Malcolm Collins: [00:00:00] Hello, Simone. I am excited to be here with you today. Today, we are going to go over some chilling statistics that I have been looking for, for some time at this point. Ooh. I've always sort of said in the background, like, because we found a bunch of other statistics on how few Gen Z plan to have kids today and I've always been like, what was that number historically and what percent actually completed having no kids?
But I could never find that number historically and I finally found it and the number is so much worse than you would imagine.
Simone Collins: Okay, let's go into this.

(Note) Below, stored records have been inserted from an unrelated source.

(* Assume Assumption 1 (stated in the context). Let $\theta^0$, $D^3_\theta$ and $\epsilon_9>0$ be as in the context. Then there is a positive constant $\epsilon_{12}$ such that for every triple $(i,j,k)$ and every $t\in[0,T]$ one of the following holds: $$\text{dist}(b_{ij}(t,\theta^0),o_k)-d_0>\epsilon_{12},$$ or $$\text{dist}(b_{ij}(t,\theta^0),o_k)-d_0\le\epsilon_{12}\ \text{ and }\ \langle D^3_\theta,\nabla_\theta\text{dist}(b_{ij}(t,\theta^0),o_k)\rangle\ge\frac{\epsilon_9}{2}.$$
   Context: For a finite-dimensional parameter vector $\theta$ and $t\in[0,T]$, robot pieces $b_{ij}(t,\theta)\subset\mathbb{R}^3$ and obstacle pieces $o_k\subset\mathbb{R}^3$ are given; $\text{dist}$ is the shortest Euclidean distance between sets; $d_0\ge0$; $\mathcal{O}(\theta)$ is a differentiable cost. Assumption 1: the index set of triples $(i,j,k)$ is finite and each $(t,\theta)\mapsto\text{dist}(b_{ij}(t,\theta),o_k)$ is sufficiently smooth. $\theta^0$ is a parameter vector, and $D^3_\theta$ is a direction with positive constants $\epsilon_8,\epsilon_9$ such that $\langle D^3_\theta,\nabla_\theta\mathcal{O}(\theta^0)\rangle<-\epsilon_8$ and $\langle D^3_\theta,\nabla_\theta\text{dist}(b_{ij}(t,\theta^0),o_k)\rangle>\epsilon_9$ for all $(i,j,k,t)$ with $\text{dist}(b_{ij}(t,\theta^0),o_k)=d_0$. (Such a direction exists when the generalized Mangasarian–Fromovitz constraint qualification holds at $\theta^0$ and the first-order optimality condition fails there.) *)

From HB Require Import structures.
From mathcomp Require Import all_boot all_order all_algebra.
From mathcomp Require Import all_classical all_reals all_analysis.
Set Implicit Arguments. Unset Strict Implicit. Unset Printing Implicit Defensive.
Import Order.TTheory GRing.Theory Num.Theory.
Import numFieldNormedType.Exports.
Local Open Scope classical_set_scope.
Local Open Scope ring_scope.

Definition dotr (R : realType) (m : nat) (u v : 'rV[R]_m) : R :=
  \sum_(l < m) u 0 l * v 0 l.

Definition enorm (R : realType) (m : nat) (u : 'rV[R]_m) : R :=
  Num.sqrt (dotr u u).

Definition setdist (R : realType) (A B : set 'rV[R]_3) : R :=
  inf [set enorm (x - y) | x in A & y in B].

Definition grad (R : realType) (n : nat) (f : 'rV[R]_n -> R) (x : 'rV[R]_n)
  : 'rV[R]_n :=
  \row_(l < n) ('d f x (delta_mx 0 l : 'rV[R]_n)).

(* "Sufficiently smooth" (at least C^1) for a function of (t, theta):
   differentiable everywhere with continuous differential (all directional
   derivatives continuous in the base point). *)
Definition C1 (R : realType) (n : nat) (g : R * 'rV[R]_n -> R) : Prop :=
  (forall p, differentiable g p) /\
  (forall v : R * 'rV[R]_n, continuous (fun p => 'd g p v)).

From HB Require Import structures.
From mathcomp Require Import all_boot all_order all_algebra.
From mathcomp Require Import all_classical all_reals all_analysis.
From mathcomp Require Import lra.
Import Order.TTheory GRing.Theory Num.Theory.
Import numFieldNormedType.Exports.
Local Open Scope classical_set_scope.
Local Open Scope ring_scope.

(* For each triple (i, j, k), at every time of [0, T] either the distance
   exceeds d0 or it equals d0 and then the directional derivative along D
   exceeds eps9; so the maximum of (dist - d0) and (derivative - eps9 / 2)
   is positive on [0, T].  Both are continuous in t by Assumption 1, hence
   this maximum has a positive minimum on the compact interval, and half of
   it is a margin for that triple.  The minimum over the finitely many
   triples is the required eps12. *)

Lemma continuous_pair_l {U V : topologicalType} (y : V) :
  continuous (fun x : U => (x, y)).
Proof. by move=> x; apply: cvg_pair; [exact: cvg_id | exact: cvg_cst]. Qed.

Lemma continuous_section_fst {U V W : topologicalType} (g : U * V -> W) (y : V) :
  continuous g -> continuous (fun x => g (x, y)).
Proof. by move=> cg x; exact: (continuous_comp (continuous_pair_l y x) (cg _)). Qed.

Lemma diff_section_snd (R : numFieldType) (U V W : normedModType R)
    (f : U * V -> W) (x : U) (y v : V) :
  differentiable f (x, y) ->
  'd (fun z => f (x, z)) y v = 'd f (x, y) (0, v).
Proof.
move=> df.
have -> : (fun z => f (x, z)) = f \o (fun z : V => (cst x z, id z)) by [].
have pair_diff : differentiable (fun z : V => (cst x z, id z)) y.
  exact: differentiable_pair.
rewrite diff_comp //= diff_pair //= diff_cst.
by rewrite (@diff_val _ _ _ _ _ _ _ (is_diff_id y)).
Qed.

Lemma dotr_grad (R : realType) (n : nat) (g : 'rV[R]_n -> R) (x D : 'rV[R]_n) :
  dotr D (grad g x) = 'd g x D.
Proof.
rewrite /dotr [in RHS](row_sum_delta D) linear_sum /=.
by apply: eq_bigr => l _; rewrite linearZ mxE.
Qed.

Lemma continuous_max_margin (R : realType) (u w : R -> R) (a b : R) :
  continuous u -> continuous w ->
  (forall t, a <= t <= b -> 0 < u t \/ 0 < w t) ->
  exists2 e, 0 < e & forall t, a <= t <= b -> e < u t \/ e < w t.
Proof.
move=> cu cw uw_pos.
have [ba|ab] := ltP b a.
  exists 1 => // t /andP[a_le le_b].
  by have := le_lt_trans (le_trans a_le le_b) ba; rewrite ltxx.
have cuw : {within `[a, b], continuous (u \max w)}.
  by apply: continuous_subspaceT => t; exact: (@continuous_max R R _ _ t (cu t) (cw t)).
have [c c_ab c_min] := EVT_min ab cuw.
have m_gt0 : 0 < (u \max w) c.
  rewrite /= lt_max; move: c_ab; rewrite in_itv /= => /uw_pos.
  by case=> ->; rewrite ?orbT.
exists ((u \max w) c / 2) => [|t t_ab]; first by rewrite divr_gt0.
move: m_gt0 (c_min t); rewrite /= in_itv /= t_ab => m_gt0 /(_ isT).
by rewrite le_max => /orP[] h; [left | right]; lra.
Qed.

Lemma finite_uniform_margin (R : realType) (X : finType) (P : X -> R -> Prop) :
  (forall x e e', 0 < e' -> e' <= e -> P x e -> P x e') ->
  (forall x, exists2 e, 0 < e & P x e) -> exists2 e, 0 < e & forall x, P x e.
Proof.
move=> P_down P_ex.
have /choice[m m_spec] : forall x, exists e, 0 < e /\ P x e.
  by move=> x; have [e] := P_ex x; exists e.
have m_gt0 : 0 < \big[Num.min/1]_x m x.
  by apply: lt_bigmin => // x _; exact: (m_spec x).1.
exists (\big[Num.min/1]_x m x) => // x.
by apply: (P_down x (m x)) => //; [exact: bigmin_le | exact: (m_spec x).2].
Qed.

Theorem lemma9 (R : realType) (n : nat) (I J K : finType)
  (b : I -> J -> R -> 'rV[R]_n -> set 'rV[R]_3) (o : K -> set 'rV[R]_3)
  (T d0 : R) (theta0 D : 'rV[R]_n) (eps9 : R) :
  0 <= d0 ->
  (* Assumption 1 *)
  (forall i j k, C1 (fun p : R * 'rV[R]_n => setdist (b i j p.1 p.2) (o k))) ->
  (* theta0 is feasible *)
  (forall i j k t, 0 <= t <= T -> d0 <= setdist (b i j t theta0) (o k)) ->
  0 < eps9 ->
  (forall i j k t, 0 <= t <= T -> setdist (b i j t theta0) (o k) = d0 ->
     dotr D (grad (fun th => setdist (b i j t th) (o k)) theta0) > eps9) ->
  exists eps12 : R, 0 < eps12 /\
    forall i j k t, 0 <= t <= T ->
      setdist (b i j t theta0) (o k) - d0 > eps12 \/
      (setdist (b i j t theta0) (o k) - d0 <= eps12 /\
       dotr D (grad (fun th => setdist (b i j t th) (o k)) theta0) >= eps9 / 2).
Proof.
move=> _ C1_dist feas eps9_gt0 active_grad.
pose f (x : I * J * K) (p : R * 'rV[R]_n) := setdist (b x.1.1 x.1.2 p.1 p.2) (o x.2).
have dotr_gradE x t :
    dotr D (grad (fun th => f x (t, th)) theta0) = 'd (f x) (t, theta0) (0, D).
  by rewrite dotr_grad diff_section_snd //; case: x => [[i j] k]; exact: (C1_dist i j k).1.
have [e e_gt0 e_margin] : exists2 e, 0 < e & forall x t, 0 <= t <= T ->
    e < f x (t, theta0) - d0 \/ e < 'd (f x) (t, theta0) (0, D) - eps9 / 2.
  apply: finite_uniform_margin => [x e e' _ e'_le e_margin t /e_margin|[[i j] k]].
    by case=> h; [left | right]; exact: le_lt_trans h.
  have [f_diff df_cont] := C1_dist i j k.
  apply: continuous_max_margin => [t | t | t t_T].
  - have f_cont : continuous (f (i, j, k)).
      by move=> p; exact: differentiable_continuous (f_diff p).
    exact: continuousB (continuous_section_fst _ theta0 f_cont t)
                       (@cst_continuous _ _ d0 t).
  - exact: continuousB (continuous_section_fst _ theta0 (df_cont (0, D)) t)
                       (@cst_continuous _ _ (eps9 / 2) t).
  - have /= := feas i j k t t_T; rewrite le_eqVlt => /predU1P[d0E | d0_lt].
      by right; have := active_grad i j k t t_T (esym d0E); rewrite -dotr_gradE /=; lra.
    by left; rewrite subr_gt0.
exists e; split=> // i j k t t_T.
have [dist_gt | dist_le] := ltP e (setdist (b i j t theta0) (o k) - d0); [by left | right].
split=> //; have := dotr_gradE (i, j, k) t; rewrite /= => ->.
by case: (e_margin (i, j, k) t t_T) => /= h; lra.
Qed.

Malcolm Collins: So if we go at a few surveys here 2018 to 2023, a Pew survey looking at adults under 50 who said they plan to have no kids. The numbers went from 37 percent to 47 percent in 2023, so we're looking at around half in that survey, okay? Now, and this is Pew, if we go to Teen Vogue, you'll get slightly better results. Teen Vogue says for Millennials and Gen Z about a third plan to have No kids.
If you look at research by one poll into a [00:01:00] thousand people aged 18 to 34, this was in the UK it found that over one in four had ruled out having a baby completely and over 50 percent were unlikely to have a baby.
Simone Collins: Okay.
Malcolm Collins: Okay. So you get the idea here. So we're looking at like maybe on the good side, like 31%, maybe up over 50%.
Simone Collins: But suffice it to say, having kids, or I guess the intention to not have any kids or expectation that one will not have any kids is higher now than it ever was before.
Malcolm Collins: Right. So I was trying to understand what did that look like historically? Historically, about 5 percent of women intended to be childless, about 15 percent ending up without children. Wow. And it looked at many years of data to get this. So this is like over a big swath of data. It wasn't just in that year, like obviously it's been going up.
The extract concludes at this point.